Увидев Ирину, Бачурин обрадованно взмахнул своими костлявыми тяжелыми руками и сдержанно засмеялся, кинув по-отцовски добрый взгляд на Ольгу и пояснив при этом:
- А я вижу: появилась в нашем доме очень знакомая обличьем гражданочка. Никак не мог сообразить, что это ваша дочь! А ведь копия с вас в те годы!..

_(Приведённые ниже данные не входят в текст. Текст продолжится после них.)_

End Lang.

From mathcomp Require Import all_boot.
From mathcomp Require Import zify.
From Stdlib Require Import Classical.

Set Implicit Arguments. Unset Strict Implicit. Unset Printing Implicit Defensive.

(* Every word splits as s0 u, where s0 is its last K_mc-prefix (or eps) and
   the "gap" u contains no further K_mc-prefix.  By definition of N_mcmc, a
   gap that can still be completed inside \overline{K} = \overline{K_mc} has
   length at most N_mcmc.  Hence
   (1) every string of \overline{K^up} extends inside \overline{K^up} to a
       string of K_mc: a string of K^up outside K_mc still admits an
       uncontrollable continuation, and the gap cannot grow beyond N_mcmc;
   (2) after any s, the shortest continuations t with st in K_mc and in
       \overline{K^up} have length < N and form a controllable sublanguage of
       K/s|_{N-1}; so they lie in f^N_cons(s), and gamma^N_cons enables every
       event enabled by K^up;
   (3) if s is eps or lies in \overline{K^up}, then K^up together with
       s f^N_cons(s) is a controllable sublanguage of K, so s f^N_cons(s) is
       contained in K^up and gamma^N_cons enables nothing outside it.
   Induction on closed-loop strings then gives both inclusions. *)

Section Supremal.
Variable Sigma : finType.
Variable uc : {set Sigma}.
Implicit Types (L M : lang Sigma) (s t : word Sigma).

Lemma pclos_prefix M s t : pclos M (s ++ t) -> pclos M s.
Proof. by case=> z; rewrite -catA => H; exists (t ++ z). Qed.

Lemma supcon_sub L M : lsub (supcon uc L M) M.
Proof. by move=> s [M' [HM [_ H]]]; apply: HM. Qed.

Lemma supcon_ctrl L M : controllable uc L (supcon uc L M).
Proof.
move=> s a [t [M' [HM [Hc HMt]]]] Ha HL.
have [t' Ht'] : pclos M' (rcons s a) by apply: Hc => //; exists t.
by exists t'; exists M'.
Qed.

Lemma supcon_max L M (M' : lang Sigma) :
  lsub M' M -> controllable uc L M' -> lsub M' (supcon uc L M).
Proof. by move=> HM Hc s Hs; exists M'. Qed.

Lemma controllable_sub L L' M :
  lsub L' L -> controllable uc L M -> controllable uc L' M.
Proof. by move=> HL Hc s a Hs Ha /HL; apply: Hc. Qed.

End Supremal.

Section Extensions.
Variable Sigma : finType.
Variable P : lang Sigma.
Implicit Types (s t u v w x y z : word Sigma).

Definition free s t := forall k, 0 < k < size t -> ~ P (s ++ take k t).

Definition hit s t := P (s ++ t) /\ forall j, j < size t -> ~ P (s ++ take j t).

Lemma free_prefix s x y : free s (x ++ y) -> free s x.
Proof.
move=> H k Hk; have := H k; rewrite size_cat take_cat ifT; last lia.
by apply; lia.
Qed.

Lemma free_short s t : size t <= 1 -> free s t.
Proof. by move=> Ht k Hk; lia. Qed.

Lemma free_cat s x y :
  free s x -> (x <> [::] -> y <> [::] -> ~ P (s ++ x)) -> free (s ++ x) y ->
  free s (x ++ y).
Proof.
move=> Hx Hjn Hy k; rewrite size_cat take_cat => Hk.
case: ltnP => Hkx; first by apply: Hx; lia.
case: (eqVneq k (size x)) => [Ek|Nk].
  rewrite Ek subnn take0 cats0; apply: Hjn => [Ex | Ey];
  by rewrite ?Ex ?Ey /= in Ek Hk; lia.
by rewrite catA; apply: Hy; lia.
Qed.

Lemma hit_free s t : hit s t -> free s t.
Proof. by move=> [_ H] k Hk; apply: H; lia. Qed.

Lemma hit_head s t : hit s t -> t <> [::] -> ~ P s.
Proof.
move=> [_ H] Ht; have := H 0; rewrite take0 cats0; apply.
by case: t H Ht.
Qed.

Lemma first_hit s w : P (s ++ w) -> exists t z, w = t ++ z /\ hit s t.
Proof.
elim: w s => [|a w IH] s Hw.
  by exists [::], [::]; split => //; split => // j.
case: (classic (P s)) => Hs.
  by exists [::], (a :: w); split => //; split; [rewrite cats0 | move=> j].
rewrite -cat_rcons in Hw; have [t [z [-> [Ht Hmin]]]] := IH _ Hw.
exists (a :: t), z; split => //; split; first by rewrite -cat_rcons.
by case=> [|j] //= Hj; [rewrite cats0 | rewrite -cat_rcons; apply: Hmin].
Qed.

Lemma cat_eq_cases y z s t : y ++ z = s ++ t ->
  (exists y', y = s ++ y' /\ t = y' ++ z) \/ (exists z', s = y ++ z' /\ z' <> [::]).
Proof.
elim: y s => [|a y IH] [|b s] /=.
- by move=> ->; left; exists [::].
- by move=> _; right; exists (b :: s).
- by move=> <-; left; exists (a :: y).
- case=> -> /IH [[y' [-> ->]]|[z' [-> Hz]]];
  by [left; exists y' | right; exists z'].
Qed.

Definition anchor s := P s \/ s = [::].
Definition gap s0 u := anchor s0 /\ forall k, 0 < k <= size u -> ~ P (s0 ++ take k u).

Lemma gap_free s0 u : gap s0 u -> free s0 u.
Proof. by move=> [_ H] k Hk; apply: H; lia. Qed.

Lemma gap_last s0 u : gap s0 u -> u <> [::] -> ~ P (s0 ++ u).
Proof.
move=> [_ H] Hu; have := H (size u); rewrite take_size; apply.
by case: u H Hu => //= a u _ _; lia.
Qed.

Lemma gap_rcons s0 u a : gap s0 u -> ~ P (s0 ++ rcons u a) -> gap s0 (rcons u a).
Proof.
move=> [Ha H] HP; split => // k; rewrite size_rcons => Hk.
case: (ltnP k (size u).+1) => Hku.
  by rewrite -cats1 takel_cat; [apply: H; lia | lia].
have -> : k = size (rcons u a) by rewrite size_rcons; lia.
by rewrite take_size.
Qed.

Lemma last_anchor s : exists s0 u, s = s0 ++ u /\ gap s0 u.
Proof.
elim/last_ind: s => [|s a [s0 [u [-> Hg]]]].
  by exists [::], [::]; split => //; split; [right | move=> k /=; lia].
case: (classic (P (rcons (s0 ++ u) a))) => HP.
  exists (rcons (s0 ++ u) a), [::]; rewrite cats0; split => //.
  by split; [left | move=> k /=; lia].
exists s0, (rcons u a); rewrite rcons_cat; split => //.
by apply: gap_rcons Hg _; rewrite -rcons_cat.
Qed.

End Extensions.

(* Part (3) holds for every window N >= 1 and needs no assumption on K_mc. *)
Section Safety.
Variable Sigma : finType.
Variable uc : {set Sigma}.
Variables Lm K : lang Sigma.
Variable N : nat.
Hypothesis N_pos : 0 < N.
Implicit Types (s t w y z : word Sigma).

Local Notation L := (pclos Lm).
Local Notation KU := (supcon uc (pclos Lm) K).

Lemma fcons_in_KU s t :
  s = [::] \/ pclos KU s -> fcons uc L K N s t -> KU (s ++ t).
Proof.
move=> Hs Ht.
pose M w := KU w \/ exists t', w = s ++ t' /\ fcons uc L K N s t'.
have M_sub : lsub M K.
  by move=> w [/supcon_sub //| [t' [-> /supcon_sub [HK _]]]].
have M_ctrl : controllable uc L M.
  move=> y a [z [Hz | [t' [Eyz Ht']]]] Ha HL.
    by have [z' ?] := supcon_ctrl (ex_intro _ z Hz) Ha HL; exists z'; left.
  (* Either y extends s, inside the window of f^N_cons(s), or y is a proper
     prefix of s and hence lies in \overline{K^up}. *)
  case: (cat_eq_cases Eyz) => [[y' [Ey Et']] | [z' [Es Hz']]].
    subst y.
    have [_ Hsize] := supcon_sub Ht'; rewrite Et' size_cat in Hsize.
    have Htr : ltrunc (lquot L s) N (rcons y' a).
      by split; [rewrite /lquot -rcons_cat | rewrite size_rcons; lia].
    have Hy' : pclos (fcons uc L K N s) y' by exists z; rewrite -Et'.
    have [z'' Hz''] := supcon_ctrl Hy' Ha Htr.
    by exists z''; right; exists (rcons y' a ++ z''); rewrite rcons_cat catA.
  have Hy : pclos KU y.
    case: Hs => [Es0 | HUs]; last by rewrite Es in HUs; apply: pclos_prefix HUs.
    rewrite Es0 in Es; move: (congr1 size Es); rewrite size_cat.
    by case: z' {Es} Hz' => //= *; lia.
  by have [z'' ?] := supcon_ctrl Hy Ha HL; exists z''; left.
by apply: (supcon_max M_sub M_ctrl); right; exists t.
Qed.

Lemma closed_loop_KU s :
  (exists t, fcons uc L K N [::] t) ->
  closed_loop L (gcons uc L K N) s -> pclos KU s.
Proof.
move=> [t0 Ht0]; elim=> [|s1 a _ IH HL [[t Ht] | [Ha _]]].
- by exists t0; apply: (fcons_in_KU (or_introl erefl) Ht0).
- by exists t; rewrite -cats1 -catA; apply: (fcons_in_KU (or_intror IH) Ht).
- exact: supcon_ctrl IH Ha HL.
Qed.

End Safety.

Section Conservative.
Variable Sigma : finType.
Variable uc : {set Sigma}.
Variables Lm K : lang Sigma.
Variables N n : nat.
Implicit Types (s t u v w x y z : word Sigma).

Local Notation L := (pclos Lm).
Local Notation KM := (Kmc uc (pclos Lm) K).
Local Notation KU := (supcon uc (pclos Lm) K).

Hypothesis K_in_Lm : lsub K Lm.
Hypothesis pclosK_KM : leq_lang (pclos K) (pclos KM).
Hypothesis mcmc_bound : forall m, mcmc_len uc L K m -> m <= n.
Hypothesis N_large : n + 1 <= N.

Lemma pclos_KU_K s : pclos KU s -> pclos K s.
Proof. by case=> t /supcon_sub H; exists t. Qed.

Lemma pclos_KU_L s : pclos KU s -> L s.
Proof. by case=> t /supcon_sub /K_in_Lm H; exists t. Qed.

(* A gap followed by a shortest completion into K_mc is a segment counted by
   N_mcmc. *)
Lemma gap_bound s0 u t :
  gap KM s0 u -> KM (s0 ++ u ++ t) -> free KM (s0 ++ u) t -> size u + size t <= n.
Proof.
move=> Hg Ht Hfree; rewrite -size_cat; apply: mcmc_bound.
exists s0, (u ++ t); split; first by case: Hg => [? _].
split=> //; split=> //; apply: free_cat (gap_free Hg) _ Hfree.
by move=> Hu _; apply: gap_last.
Qed.

Lemma gap_bound_K s0 u : gap KM s0 u -> pclos K (s0 ++ u) -> size u <= n.
Proof.
move=> Hg /pclosK_KM [y Hy].
have [t [_ [_ Ht]]] := first_hit Hy.
have [HKt _] := Ht; rewrite -catA in HKt.
by have := gap_bound Hg HKt (hit_free Ht); lia.
Qed.

Lemma free_bound s t : KM (s ++ t) -> free KM s t -> size t <= n.
Proof.
have [s0 [u [-> Hg]]] := last_anchor KM s; rewrite -catA => Ht Hfree.
by have := gap_bound Hg Ht Hfree; lia.
Qed.

(* A string of \overline{K^up} outside K_mc can be continued in
   \overline{K^up}: either it is a proper prefix, or it lies in K but not in
   L_c(G), so an uncontrollable event is possible and controllability applies. *)
Lemma KU_step v : pclos KU v -> ~ KM v -> exists a, pclos KU (rcons v a).
Proof.
move=> [x Hx] HK; case: x Hx => [|a x] Hx; last by exists a, x; rewrite cat_rcons.
rewrite cats0 in Hx; have Kv := supcon_sub Hx.
have [a Ha_uc] : exists a, ~ (a \in uc -> ~ L (rcons v a)).
  apply: not_all_ex_not => Hc; apply: HK; split => //; split => //.
  by exists [::]; rewrite cats0; apply: K_in_Lm.
have [Ha /NNPP HL] := imply_to_and _ _ Ha_uc.
by exists a; apply: supcon_ctrl => //; exists [::]; rewrite cats0.
Qed.

(* Grow the gap one event at a time; by gap_bound_K it never exceeds N_mcmc,
   so the induction on the remaining room d terminates in K_mc. *)
Lemma KU_reach_gap d s0 u : gap KM s0 u -> n - size u < d -> pclos KU (s0 ++ u) ->
  exists w, KM (s0 ++ u ++ w) /\ pclos KU (s0 ++ u ++ w).
Proof.
elim: d u => [|d IH] u Hg Hd HU; first lia.
case: (classic (KM (s0 ++ u))) => HK; first by exists [::]; rewrite cats0.
have [a Ha] := KU_step HU HK; rewrite rcons_cat in Ha.
case: (classic (KM (s0 ++ rcons u a))) => HKa.
  by exists [:: a]; rewrite cats1.
have Hga := gap_rcons Hg HKa.
have Hlen := gap_bound_K Hga (pclos_KU_K Ha).
have [w Hw] := IH _ Hga ltac:(rewrite size_rcons in Hlen *; lia) Ha.
by exists (a :: w); rewrite -cat_rcons.
Qed.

Участковый милиционер, деловито хмуря брови, с задумчивой озабоченностью постоял у радиоприемника, который полагалось сдать, затем с любопытством осмотрел на письменном столе чернильницы из позеленевшей бронзы - две боевые колесницы, между которыми стоял в кольчуге и шлеме, держа в руках копье, древний воин. Скользнул взглядом по календарю, где на верхнем его листке виднелась старая, сделанная еще рукой Софьи Вениаминовны, запись: "Звонили от Сталина. Иосиф Виссарионович благодарит за письмо и желает побеседовать с Нилом Игнатовичем". Милиционер прочитал эту запись, и его будто кто-то оттолкнул от стола. Очутившись на середине кабинета, он стал вытирать платком вдруг вспотевший лоб, потом покосился на Ирину, кажется, тоже не веря, что ему не померещилось в сумерках затененной квартиры это миловидное юное существо. А потом просяще, словно куда-то заторопившись, обратился к Бачурину:
- Давайте начинать...
- Да, начнем, пожалуй... - согласился Бачурин и виновато посмотрел на Ольгу Васильевну, на Ирину, которые, рядком стоя у дверей кабинета, с тревогой наблюдали за пришельцами. - Согласно закону, дорогая Ольга Васильевна, - объяснил Бачурин, - мы должны соблюсти некоторые формальности: взять под охрану все, что имеется в этой квартире.